• **What you should do**
Using the records below, transcribe word for word the stretch from the line that contains "Lemma gns_inner_def (v" through the line that contains "pose proof (snorm_ge0 h).", both end lines included, and nothing else.

• **Records for this task**
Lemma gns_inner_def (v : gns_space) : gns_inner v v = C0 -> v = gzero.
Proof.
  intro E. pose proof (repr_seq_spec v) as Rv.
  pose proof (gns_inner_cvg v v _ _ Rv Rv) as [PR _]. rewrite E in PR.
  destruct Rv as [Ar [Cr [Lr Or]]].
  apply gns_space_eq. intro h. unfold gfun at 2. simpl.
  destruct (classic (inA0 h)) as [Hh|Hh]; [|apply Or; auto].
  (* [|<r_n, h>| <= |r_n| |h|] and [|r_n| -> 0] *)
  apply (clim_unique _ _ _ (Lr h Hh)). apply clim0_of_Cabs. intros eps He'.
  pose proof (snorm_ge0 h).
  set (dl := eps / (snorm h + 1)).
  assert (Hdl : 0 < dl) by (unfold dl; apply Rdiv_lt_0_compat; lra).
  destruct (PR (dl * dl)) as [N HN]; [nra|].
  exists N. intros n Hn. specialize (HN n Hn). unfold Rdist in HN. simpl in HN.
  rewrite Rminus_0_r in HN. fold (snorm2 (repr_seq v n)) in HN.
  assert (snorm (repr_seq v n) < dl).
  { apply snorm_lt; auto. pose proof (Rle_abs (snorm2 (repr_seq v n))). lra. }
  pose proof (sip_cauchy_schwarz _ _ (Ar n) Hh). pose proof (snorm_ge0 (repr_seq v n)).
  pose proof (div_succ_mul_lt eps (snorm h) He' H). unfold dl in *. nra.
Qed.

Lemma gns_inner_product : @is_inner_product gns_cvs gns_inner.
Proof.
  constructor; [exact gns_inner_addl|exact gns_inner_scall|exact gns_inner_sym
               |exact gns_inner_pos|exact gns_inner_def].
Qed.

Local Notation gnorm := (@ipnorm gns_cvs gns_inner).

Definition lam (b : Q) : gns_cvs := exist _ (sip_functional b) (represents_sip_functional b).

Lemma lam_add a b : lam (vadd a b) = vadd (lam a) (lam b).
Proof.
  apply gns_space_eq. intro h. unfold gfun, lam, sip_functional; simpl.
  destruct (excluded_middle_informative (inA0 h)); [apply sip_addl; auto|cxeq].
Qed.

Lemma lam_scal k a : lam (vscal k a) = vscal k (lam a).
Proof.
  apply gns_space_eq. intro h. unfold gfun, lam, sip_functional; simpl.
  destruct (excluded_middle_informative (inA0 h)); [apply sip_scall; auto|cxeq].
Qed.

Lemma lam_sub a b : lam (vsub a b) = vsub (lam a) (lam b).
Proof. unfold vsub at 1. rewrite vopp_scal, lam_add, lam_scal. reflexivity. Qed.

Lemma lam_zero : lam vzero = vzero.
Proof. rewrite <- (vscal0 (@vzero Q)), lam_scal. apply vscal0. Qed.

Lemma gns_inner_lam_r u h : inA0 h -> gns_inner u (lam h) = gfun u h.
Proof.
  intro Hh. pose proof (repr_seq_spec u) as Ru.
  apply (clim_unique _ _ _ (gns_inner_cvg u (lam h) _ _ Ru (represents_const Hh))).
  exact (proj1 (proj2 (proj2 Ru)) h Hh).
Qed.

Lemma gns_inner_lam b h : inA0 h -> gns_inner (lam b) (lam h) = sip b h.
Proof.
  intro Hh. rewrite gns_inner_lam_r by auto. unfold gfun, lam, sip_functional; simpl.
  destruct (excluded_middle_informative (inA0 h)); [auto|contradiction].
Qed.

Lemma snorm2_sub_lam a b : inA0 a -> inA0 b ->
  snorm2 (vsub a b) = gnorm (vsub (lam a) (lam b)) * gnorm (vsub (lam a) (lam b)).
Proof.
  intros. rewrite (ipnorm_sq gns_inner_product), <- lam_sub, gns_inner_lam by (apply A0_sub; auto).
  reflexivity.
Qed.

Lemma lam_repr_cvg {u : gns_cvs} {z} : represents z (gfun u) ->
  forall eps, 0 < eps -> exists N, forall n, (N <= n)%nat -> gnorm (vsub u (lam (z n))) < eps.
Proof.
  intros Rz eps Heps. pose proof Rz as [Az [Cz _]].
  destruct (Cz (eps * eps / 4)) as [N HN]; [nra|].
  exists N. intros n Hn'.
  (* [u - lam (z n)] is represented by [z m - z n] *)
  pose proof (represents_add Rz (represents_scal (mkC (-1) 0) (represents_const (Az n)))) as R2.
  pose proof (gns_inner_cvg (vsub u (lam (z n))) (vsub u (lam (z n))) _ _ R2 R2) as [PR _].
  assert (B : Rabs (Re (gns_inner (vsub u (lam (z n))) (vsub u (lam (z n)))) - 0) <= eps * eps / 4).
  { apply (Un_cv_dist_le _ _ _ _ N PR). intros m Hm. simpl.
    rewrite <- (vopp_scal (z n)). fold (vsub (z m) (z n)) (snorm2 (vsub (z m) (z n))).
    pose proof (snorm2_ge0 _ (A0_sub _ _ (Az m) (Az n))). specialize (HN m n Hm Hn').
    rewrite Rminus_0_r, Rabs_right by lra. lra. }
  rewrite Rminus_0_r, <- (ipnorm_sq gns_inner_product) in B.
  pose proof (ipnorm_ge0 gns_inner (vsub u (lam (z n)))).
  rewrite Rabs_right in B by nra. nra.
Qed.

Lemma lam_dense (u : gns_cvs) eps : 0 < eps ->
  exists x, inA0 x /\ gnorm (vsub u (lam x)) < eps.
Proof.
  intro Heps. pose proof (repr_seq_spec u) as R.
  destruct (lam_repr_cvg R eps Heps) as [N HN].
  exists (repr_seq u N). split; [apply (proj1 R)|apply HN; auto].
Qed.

* * *

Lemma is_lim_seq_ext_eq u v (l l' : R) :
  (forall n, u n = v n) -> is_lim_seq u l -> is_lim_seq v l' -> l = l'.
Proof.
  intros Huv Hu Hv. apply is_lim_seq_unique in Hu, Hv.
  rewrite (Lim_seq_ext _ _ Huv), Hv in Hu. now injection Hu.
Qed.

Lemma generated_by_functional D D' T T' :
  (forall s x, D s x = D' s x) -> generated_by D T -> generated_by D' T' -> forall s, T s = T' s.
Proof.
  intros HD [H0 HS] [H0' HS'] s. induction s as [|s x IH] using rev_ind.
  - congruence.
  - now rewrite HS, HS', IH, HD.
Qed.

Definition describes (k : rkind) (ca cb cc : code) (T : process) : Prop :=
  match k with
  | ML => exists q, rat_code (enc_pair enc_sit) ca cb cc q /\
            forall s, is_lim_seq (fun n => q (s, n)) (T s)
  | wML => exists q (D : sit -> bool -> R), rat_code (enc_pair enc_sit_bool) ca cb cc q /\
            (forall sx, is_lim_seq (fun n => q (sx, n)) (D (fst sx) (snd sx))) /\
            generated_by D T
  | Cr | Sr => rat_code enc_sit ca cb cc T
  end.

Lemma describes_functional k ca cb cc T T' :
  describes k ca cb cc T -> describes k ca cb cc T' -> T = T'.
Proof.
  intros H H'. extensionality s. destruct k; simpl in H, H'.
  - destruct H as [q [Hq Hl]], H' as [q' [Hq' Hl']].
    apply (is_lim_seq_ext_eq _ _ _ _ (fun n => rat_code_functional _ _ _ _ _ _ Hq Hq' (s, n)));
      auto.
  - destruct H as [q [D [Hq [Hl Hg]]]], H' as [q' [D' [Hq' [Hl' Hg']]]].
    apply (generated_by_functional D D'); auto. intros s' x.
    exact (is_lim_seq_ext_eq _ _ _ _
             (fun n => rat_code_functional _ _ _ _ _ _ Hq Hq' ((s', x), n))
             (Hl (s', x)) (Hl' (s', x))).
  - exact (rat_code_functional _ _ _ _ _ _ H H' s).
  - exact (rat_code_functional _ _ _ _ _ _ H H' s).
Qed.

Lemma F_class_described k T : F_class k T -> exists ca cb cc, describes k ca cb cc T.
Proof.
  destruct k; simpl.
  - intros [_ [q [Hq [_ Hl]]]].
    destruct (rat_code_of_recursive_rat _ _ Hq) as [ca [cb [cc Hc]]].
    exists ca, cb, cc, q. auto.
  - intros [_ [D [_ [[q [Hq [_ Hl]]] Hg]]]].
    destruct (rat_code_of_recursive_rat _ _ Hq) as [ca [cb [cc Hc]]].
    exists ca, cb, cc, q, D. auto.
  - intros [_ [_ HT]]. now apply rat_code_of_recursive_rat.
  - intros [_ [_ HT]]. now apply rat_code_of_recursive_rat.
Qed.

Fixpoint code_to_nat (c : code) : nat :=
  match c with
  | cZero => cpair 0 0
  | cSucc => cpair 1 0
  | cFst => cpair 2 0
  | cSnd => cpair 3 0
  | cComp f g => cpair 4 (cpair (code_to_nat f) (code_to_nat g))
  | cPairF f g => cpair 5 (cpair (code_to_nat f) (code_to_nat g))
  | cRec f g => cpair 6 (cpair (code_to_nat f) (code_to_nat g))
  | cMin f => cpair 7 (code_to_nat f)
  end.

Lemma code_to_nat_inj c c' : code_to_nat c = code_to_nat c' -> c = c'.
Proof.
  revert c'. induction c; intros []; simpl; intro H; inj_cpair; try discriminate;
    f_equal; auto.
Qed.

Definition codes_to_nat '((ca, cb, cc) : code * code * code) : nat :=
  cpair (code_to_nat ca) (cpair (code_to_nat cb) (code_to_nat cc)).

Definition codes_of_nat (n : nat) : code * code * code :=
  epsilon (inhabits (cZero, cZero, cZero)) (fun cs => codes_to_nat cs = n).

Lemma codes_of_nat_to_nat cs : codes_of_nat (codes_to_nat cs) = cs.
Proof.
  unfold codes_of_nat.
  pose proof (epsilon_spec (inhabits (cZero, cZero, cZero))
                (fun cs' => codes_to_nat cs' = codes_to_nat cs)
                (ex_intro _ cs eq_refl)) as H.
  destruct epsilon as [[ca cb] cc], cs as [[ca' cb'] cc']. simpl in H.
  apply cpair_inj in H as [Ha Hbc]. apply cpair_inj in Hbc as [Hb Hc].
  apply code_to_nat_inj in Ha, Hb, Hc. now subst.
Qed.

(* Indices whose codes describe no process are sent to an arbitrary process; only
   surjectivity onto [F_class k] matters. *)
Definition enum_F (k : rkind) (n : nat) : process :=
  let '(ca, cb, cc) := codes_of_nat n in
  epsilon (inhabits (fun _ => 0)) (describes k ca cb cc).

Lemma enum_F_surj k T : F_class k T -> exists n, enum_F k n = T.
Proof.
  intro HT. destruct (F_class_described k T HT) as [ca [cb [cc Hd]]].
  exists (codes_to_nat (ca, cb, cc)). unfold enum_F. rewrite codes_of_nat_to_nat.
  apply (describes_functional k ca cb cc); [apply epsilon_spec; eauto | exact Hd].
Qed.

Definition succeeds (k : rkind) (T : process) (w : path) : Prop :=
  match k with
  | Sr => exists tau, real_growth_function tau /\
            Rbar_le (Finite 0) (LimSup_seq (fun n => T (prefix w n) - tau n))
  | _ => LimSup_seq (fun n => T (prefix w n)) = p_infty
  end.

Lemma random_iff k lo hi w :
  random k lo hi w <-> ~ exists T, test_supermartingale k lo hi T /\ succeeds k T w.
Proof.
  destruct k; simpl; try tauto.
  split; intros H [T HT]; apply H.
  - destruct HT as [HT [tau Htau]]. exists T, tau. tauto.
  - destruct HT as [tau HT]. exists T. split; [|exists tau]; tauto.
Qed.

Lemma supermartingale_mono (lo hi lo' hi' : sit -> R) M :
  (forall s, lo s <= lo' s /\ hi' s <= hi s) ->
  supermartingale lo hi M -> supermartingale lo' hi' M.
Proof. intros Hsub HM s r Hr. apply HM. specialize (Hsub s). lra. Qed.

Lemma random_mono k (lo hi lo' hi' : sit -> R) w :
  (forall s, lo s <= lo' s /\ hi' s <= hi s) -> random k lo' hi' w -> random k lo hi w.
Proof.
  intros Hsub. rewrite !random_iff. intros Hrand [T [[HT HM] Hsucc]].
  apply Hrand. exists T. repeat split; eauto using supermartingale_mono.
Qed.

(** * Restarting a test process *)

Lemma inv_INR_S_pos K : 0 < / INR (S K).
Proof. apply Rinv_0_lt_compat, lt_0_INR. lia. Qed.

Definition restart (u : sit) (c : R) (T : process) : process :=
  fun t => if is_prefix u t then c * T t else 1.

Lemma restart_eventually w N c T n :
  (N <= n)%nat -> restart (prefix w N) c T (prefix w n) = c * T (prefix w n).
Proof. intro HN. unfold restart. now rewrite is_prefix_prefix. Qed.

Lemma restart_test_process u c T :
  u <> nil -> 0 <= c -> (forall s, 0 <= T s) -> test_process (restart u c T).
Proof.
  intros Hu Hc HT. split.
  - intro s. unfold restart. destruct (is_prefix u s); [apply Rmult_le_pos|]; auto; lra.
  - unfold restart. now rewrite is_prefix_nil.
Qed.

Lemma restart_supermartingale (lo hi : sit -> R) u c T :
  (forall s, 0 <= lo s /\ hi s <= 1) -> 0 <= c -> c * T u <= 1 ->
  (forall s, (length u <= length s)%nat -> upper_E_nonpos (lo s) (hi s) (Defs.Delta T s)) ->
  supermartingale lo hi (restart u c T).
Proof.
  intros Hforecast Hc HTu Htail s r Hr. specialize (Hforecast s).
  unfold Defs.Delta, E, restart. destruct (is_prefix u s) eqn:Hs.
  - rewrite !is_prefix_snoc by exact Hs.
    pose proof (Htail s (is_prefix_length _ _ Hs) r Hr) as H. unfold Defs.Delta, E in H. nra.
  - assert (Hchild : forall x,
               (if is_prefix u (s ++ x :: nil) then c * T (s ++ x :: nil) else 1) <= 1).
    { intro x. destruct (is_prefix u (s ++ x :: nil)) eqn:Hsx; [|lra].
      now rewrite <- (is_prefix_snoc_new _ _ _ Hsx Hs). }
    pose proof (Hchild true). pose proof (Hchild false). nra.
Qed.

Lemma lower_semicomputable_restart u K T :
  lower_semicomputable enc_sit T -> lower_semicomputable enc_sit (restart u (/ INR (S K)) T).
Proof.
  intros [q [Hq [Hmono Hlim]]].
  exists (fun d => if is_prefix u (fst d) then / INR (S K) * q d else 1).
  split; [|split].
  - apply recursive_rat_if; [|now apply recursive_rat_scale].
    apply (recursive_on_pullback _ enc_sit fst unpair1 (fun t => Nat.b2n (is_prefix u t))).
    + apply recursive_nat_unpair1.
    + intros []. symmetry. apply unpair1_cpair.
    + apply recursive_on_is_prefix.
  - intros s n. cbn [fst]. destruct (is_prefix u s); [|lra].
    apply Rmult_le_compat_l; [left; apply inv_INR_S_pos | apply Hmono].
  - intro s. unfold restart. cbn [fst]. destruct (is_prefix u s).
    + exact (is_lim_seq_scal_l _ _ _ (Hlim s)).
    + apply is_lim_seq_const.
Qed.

• **Exercise result**
Lemma gns_inner_def (v : gns_space) : gns_inner v v = C0 -> v = gzero.
Proof.
  intro E. pose proof (repr_seq_spec v) as Rv.
  pose proof (gns_inner_cvg v v _ _ Rv Rv) as [PR _]. rewrite E in PR.
  destruct Rv as [Ar [Cr [Lr Or]]].
  apply gns_space_eq. intro h. unfold gfun at 2. simpl.
  destruct (classic (inA0 h)) as [Hh|Hh]; [|apply Or; auto].
  (* [|<r_n, h>| <= |r_n| |h|] and [|r_n| -> 0] *)
  apply (clim_unique _ _ _ (Lr h Hh)). apply clim0_of_Cabs. intros eps He'.
  pose proof (snorm_ge0 h).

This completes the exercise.